Em 2022, no Brasil, 244 filmes nacionais foram exibidos nos cinemas contra 408 filmes estrangeiros. O volume das produções cinematográficas brasileiras também esbarra na concentração de salas de cinemas nas regiões sul e sudeste do país, com destaque para os estados do Rio de Janeiro e São Paulo. Com isso, de certa forma, o alcance dessas produções nacionais ainda têm dificuldade de chegar em um público maior.
Atualmente, os deputados federais analisam a prorrogação da Política Nacional de Cinema, a chamada “cota de tela”, que permanece em vigência até 5 de setembro deste ano. A cota de tela foi criada por meio de Medida Provisória. Na opinião do professor Bob Villela, além da participação do Poder Público em iniciativas que fomentem a cultura e a indústria cinematográfica, a popularização do cinema nacional carece de mais investimento em produções. “O que o Brasil precisa é ter mais produção de filmes. A gente produz sim, mas é preciso aumentar o volume desse tipo de conteúdo. Porque tendo mais produção nós vamos começar a formar um público, que a partir de um filme mais popular, ele também conheça outros estilos e outros gêneros. Nos Estados Unidos, na França, no Reino Unido e até mesmo na Argentina, o público de cinema consome tudo porque eles produzem muitos filmes. O padrão de busca do público pelo mainstream não muda muito na sociedade ocidental”, diz o professor.

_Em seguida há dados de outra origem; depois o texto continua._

(* With [W = 1 + M c + E] and [(x + M)^n = x^n + M n x^(n-1) + F], the numerator is
   [M (c x^n + n x^(n-1)) + F + M c (M n x^(n-1) + F) + E (x + M)^n], whose last three
   terms are [O(|M|^2)]. *)
Lemma difference_quotient_first_order (W c x M : K) n : a c <= 1 -> a M <= 1 -> M != 0 ->
    a (W - (1 + M * c)) <= a M ^+ 2 ->
  a (M^-1 * (W * (x + M) ^+ n - x ^+ n) - (c * x ^+ n + x ^+ n.-1 *+ n))
    <= a M * Num.max 1 (a x) ^+ n.
Proof.
move=> c_le1 M_le1 M_neq0 E_le; set X := Num.max 1 (a x).
have X_ge1 : 1 <= X by rewrite le_max lexx.
have F_le := binomial_first_order x n M_le1.
have Y_le : a ((x + M) ^+ n) <= X ^+ n.
  rewrite absX lerXn2r ?nnegrE ?abs_ge0 ?(le_trans ler01 X_ge1) //.
  by apply: absD_le; [rewrite le_max lexx orbT | apply: le_trans M_le1 X_ge1].
have split_num (Y Xn D : K) : M^-1 * (W * Y - Xn) - (c * Xn + D) =
    M^-1 * ((Y - Xn - M * D) + M * c * (M * D + (Y - Xn - M * D)) + (W - (1 + M * c)) * Y).
  by field.
rewrite split_num absM absV; move: E_le F_le Y_le.
set E := W - _; set D := x ^+ n.-1 *+ n; set F := _ - M * D; set Y := (x + M) ^+ n.
move=> E_le F_le Y_le; rewrite -/X in F_le.
have aM_gt0 : 0 < a M by rewrite lt_def abs_ge0 andbT; apply: contra M_neq0 => /eqP/abs_eq0->.
have Xn_ge0 : 0 <= X ^+ n by rewrite exprn_ge0 // (le_trans ler01 X_ge1).
suff num_le : a (F + M * c * (M * D + F) + E * Y) <= a M ^+ 2 * X ^+ n.
  by rewrite mulrC ler_pdivrMr //; apply: le_trans num_le _; rewrite expr2 mulrAC.
apply: absD_le; first apply: absD_le => //.
  have MDF_le : a (M * D + F) <= a M * X ^+ n.
    apply: absD_le; first by rewrite absM ler_pM2l ?abs_deriv_le.
    by apply: le_trans F_le _; apply: ler_wpM2r => //; rewrite expr2 ler_piMl ?abs_ge0.
  rewrite !absM expr2 -!mulrA; apply: ler_wpM2l; first exact: abs_ge0.
  apply: le_trans (_ : 1 * (a M * X ^+ n) <= _); last by rewrite mul1r.
  by apply: ler_pM; rewrite ?abs_ge0.
by rewrite absM; apply: ler_pM; rewrite ?abs_ge0.
Qed.

Lemma difference_quotient_cvg c x n : exp_ratio c < 1 ->
  Kcvg a (fun N => (p ^ N)%:R^-1 * (Kexp a c ^+ (p ^ N) * (x + (p ^ N)%:R) ^+ n - x ^+ n))
    (c * x ^+ n + x ^+ n.-1 *+ n).
Proof.
move=> c_small; set X := Num.max 1 (a x).
apply: (Kcvg_squeeze (r := fun N => p%:R^-1 ^+ N * X ^+ n)) => [N|e e0].
  have aM : a (p ^ N)%:R = p%:R^-1 ^+ N by rewrite natrX absX abs_p.
  have M_le1 : a (p ^ N)%:R <= 1 by rewrite aM exprn_ile1 ?p_inv_ge0 ?ltW ?p_inv_lt1.
  rewrite -aM -Kexp_mulrn //; apply: difference_quotient_first_order => //.
  - exact: exp_ratio_lt1_abs_le1.
  - by rewrite (char0_natf_neq0 abs_pchar0) // expn_gt0 prime_gt0.
  - exact: Kexp_first_order.
have X_gt0 : 0 < X ^+ n by rewrite exprn_gt0 // (lt_le_trans ltr01) // le_max lexx.
have [N pN] := eventually_exprn_lt p_inv_ge0 p_inv_lt1 (divr_gt0 e0 X_gt0).
by exists N => k Nk; rewrite -ltr_pdivlMr // pN.
Qed.

Lemma twisted_moments_cvg c x : exp_ratio c < 1 ->
  (exists B, forall n, shift_diff (Kexp a c) B n = c * x ^+ n + x ^+ n.-1 *+ n) /\
  forall B, (forall n, shift_diff (Kexp a c) B n = c * x ^+ n + x ^+ n.-1 *+ n) ->
  forall n, Kcvg a (fun N => (p ^ N)%:R^-1 *
                    \sum_(y < p ^ N) Kexp a c ^+ y * (x + y%:R) ^+ n) (B n).
Proof.
move=> c_small; apply: shift_diff_cvg => n.
apply: eq_Kcvg (difference_quotient_cvg x n c_small) => N.
by rewrite shift_diffZ shift_diff_twisted_power_sum.
Qed.

Section HqBernoulli.
Variables (q : K) (h : int).
Hypothesis q_near1 : a (1 - q) ^+ p.-1 < p%:R^-1.

Lemma exp_ratio_hlogq : exp_ratio (h%:~R * Klog a q) < 1.
Proof.
apply: le_lt_trans (exp_ratio_Klog q_near1); apply: exp_ratio_le.
by rewrite absM ler_piMl ?abs_ge0 ?abs_intr_le1.
Qed.

Lemma Kqpow_intrM (y : nat) : Kqpow a q (h * y%:Z)%:~R = Kqpow a q h%:~R ^+ y.
Proof.
rewrite /Kqpow -Kexp_mulrn ?exp_ratio_hlogq // intrM -pmulrn; congr (Kexp a _).
by rewrite mulrCA mulrA.
Qed.

Lemma hq_bernoulli_polyE x B : is_hq_bernoulli_poly a q h x B <->
  forall n, shift_diff (Kqpow a q h%:~R) B n = h%:~R * Klog a q * x ^+ n + x ^+ n.-1 *+ n.
Proof.
have den := fps_mul_exp_den abs_pchar0 (Kqpow a q h%:~R) B.
have num := fps_mul_num_exp abs_pchar0 (h%:~R * Klog a q) x.
split=> E n; first by rewrite -den -num; congr (_ * _); apply: E.
apply: (mulIf (factf_neq0 abs_pchar0 n)).
exact: etrans (den n) (etrans (E n) (esym (num n))).
Qed.

Lemma volkenborn_hq_bernoulli_poly x :
  (exists B, is_hq_bernoulli_poly a q h x B) /\
  forall B, is_hq_bernoulli_poly a q h x B -> forall n,
    Kcvg a (fun N => (p ^ N)%:R^-1 *
      \sum_(y < p ^ N) Kqpow a q (h * y%:Z)%:~R * (x + y%:R) ^+ n) (B n).
Proof.
have [[B BE] B_cvg] := twisted_moments_cvg x exp_ratio_hlogq.
split=> [|B' /hq_bernoulli_polyE B'E n]; first by exists B; apply/hq_bernoulli_polyE.
apply: eq_Kcvg (B_cvg B' B'E n) => N; congr (_ * _).
by apply: eq_bigr => y _; rewrite Kqpow_intrM.
Qed.

End HqBernoulli.

End PadicAbs.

Sobre o cenário da indústria cinematográfica brasileira, a conclusão da Ancine é sucinta e reflete a realidade das salas de cinema no país. “No caso dos filmes brasileiros, nota-se a ausência de um grande sucesso nacional com o impacto de ‘Minha mãe é uma peça 3’ – que teve uma ocupação maciça de salas e foi responsável por cerca de 98% do público total dos filmes brasileiros em 2020. Em 2023, espera-se que lançamentos mais diversos e em maior número atraiam o público para os cinemas, ampliando a receita das bilheterias”.

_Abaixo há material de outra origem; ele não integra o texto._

(* Let $M\in\mathbb{R}^{N\times N}$ be symmetric positive definite, and write $|v|_M^2=v^\intercal M v$. Let $f:\mathbb{R}^N\to\mathbb{R}^N$ satisfy: there is $L_f>0$ with $|f(x)-f(y)|_M\le L_f|x-y|_M$ for all $x,y\in K$, where $K\subset\mathbb{R}^N$ is the domain of the states. Fix a parameter $\mu$ and a final time $\tau>0$, and let $x(\cdot)=x(\cdot,\mu)$ solve the autonomous full-order model $\dot x(t)=f(x(t))$ on $[0,\tau]$. Let $U_\mu\in\mathbb{R}^{N\times n}$ be a local $M$-orthonormal basis, i.e. $U_\mu^\intercal M U_\mu=I$, with $M$-adjoint $U_\mu^*=U_\mu^\intercal M$, and let $\hat x(\cdot)=\hat x(\cdot,\mu)\in\mathbb{R}^n$ solve the Galerkin reduced-order model $\dot{\hat x}(t)=U_\mu^* f(U_\mu\hat x(t))$, $\hat x(0)=U_\mu^*x(0)$. Let $P_{U_\mu}^\perp=I-U_\mu U_\mu^*$. Then there is a constant $C(\tau)>0$ (depending only on $\tau$ and $L_f$) such that $$\|x(\mu)-U_\mu\hat x(\mu)\|_M\le\big(1+L_f\,C(\tau)\sqrt{\tau}\big)\,\|P_{U_\mu}^\perp x(\mu)\|_M,$$ where for a trajectory $z:[0,\tau]\to\mathbb{R}^N$, $\|z\|_M^2=\int_0^\tau |z(t)|_M^2\,dt$.
   Context: $K$ is understood as a set of states containing all states at which $f$ is evaluated (the full-order trajectory, its $M$-orthogonal projection $U_\mu U_\mu^* x(t)$, and the reduced reconstruction $U_\mu \hat x(t)$). $P_{U_\mu}=U_\mu U_\mu^*$ is the $M$-orthogonal projection onto the column space of $U_\mu$. *)

From HB Require Import structures.
From mathcomp Require Import all_boot all_order all_algebra.
From mathcomp Require Import all_classical all_reals all_analysis.
Set Implicit Arguments. Unset Strict Implicit. Unset Printing Implicit Defensive.
Import Order.TTheory GRing.Theory Num.Theory.
Import numFieldNormedType.Exports.
Local Open Scope classical_set_scope.
Local Open Scope ring_scope.

Definition sqnormM {R : realType} {N : nat} (M : 'M[R]_N) (v : 'cV[R]_N) : R :=
  (v^T *m M *m v) 0 0.

Definition normM {R : realType} {N : nat} (M : 'M[R]_N) (v : 'cV[R]_N) : R :=
  Num.sqrt (sqnormM M v).

Definition spd {R : realType} {N : nat} (M : 'M[R]_N) : Prop :=
  M^T = M /\ forall v : 'cV[R]_N, v != 0 -> 0 < sqnormM M v.

Definition Madj {R : realType} {N n : nat} (M : 'M[R]_N) (U : 'M[R]_(N, n))
  : 'M[R]_(n, N) := U^T *m M.

Definition trajnormM {R : realType} {N : nat} (M : 'M[R]_N) (tau : R)
  (z : R -> 'cV[R]_N) : R :=
  Num.sqrt (Rintegral lebesgue_measure `[0, tau] (fun t => sqnormM M (z t))).

(* Write the error as x - U xh = P^perp x + U theta with theta := U^* x - xh,
   so that |x - U xh|_M^2 <= 2 |P^perp x|_M^2 + 2 |theta|^2.  The coefficient
   error solves theta' = U^* (f(x) - f(U xh)), theta(0) = 0; by Young's and
   Bessel's inequalities and the Lipschitz bound on K, g := |theta|^2 satisfies
   g' <= 3 Lf g + 2 Lf |P^perp x|_M^2.  Gronwall's lemma then bounds g on
   [0, tau] by 2 Lf e^(3 Lf tau) ||P^perp x||_M^2, and integrating the first
   inequality gives
   ||x - U xh||_M^2 <= (2 + 4 Lf tau e^(3 Lf tau)) ||P^perp x||_M^2. *)

From HB Require Import structures.
From mathcomp Require Import all_boot all_order all_algebra.
From mathcomp Require Import all_classical all_reals all_analysis.
From mathcomp Require Import ring lra.
Import Order.TTheory GRing.Theory Num.Theory.
Import numFieldNormedType.Exports.
Local Open Scope classical_set_scope.
Local Open Scope ring_scope.

Section matrix_calculus.
Context {R : realType}.

Lemma cvg_mxP {T : Type} {F : set_system T} {FF : Filter F} {m n : nat}
    (z : T -> 'M[R]_(m, n)) (l : 'M[R]_(m, n)) :
  z @ F --> l <-> forall i j, (fun t => z t i j) @ F --> l i j.
Proof.
split=> [zl i j | zl].
  exact: cvg_comp zl (@coord_continuous R m n i j l).
apply/cvgrPdist_le => e e0; near=> t.
rewrite [leLHS]/Num.Def.normr /= mx_normrE (bigmax_le _ (ltW e0)) //= => ij _.
rewrite !mxE; move: ij; near: t; apply: filter_forall => -[i j] /=.
exact: (cvgrPdist_le _ _).1 (zl i j) e e0.
Unshelve. all: by end_near. Qed.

Pela análise do professor Bob Villela, os filmes estrangeiros têm o seu lugar e público no Brasil, mas também é necessário que os filmes nacionais ampliem ainda mais a presença nas salas de cinema. “A gente só consegue entender culturalmente a nossa condição como país, como povo, como sociedade, consumindo coisas que são genuinamente feitas por nós e para nós. E o cinema contribuiu para isso. A gente consumindo é que teremos uma posição esclarecida a respeito do que devemos fazer como ator na sociedade. Os filmes estrangeiros importantes para a gente entender a humanidade e a sociedade por um outro olhar, devem ser assistidos pelos brasileiros, mas a gente também precisa consumir e valorizar o nosso produto”.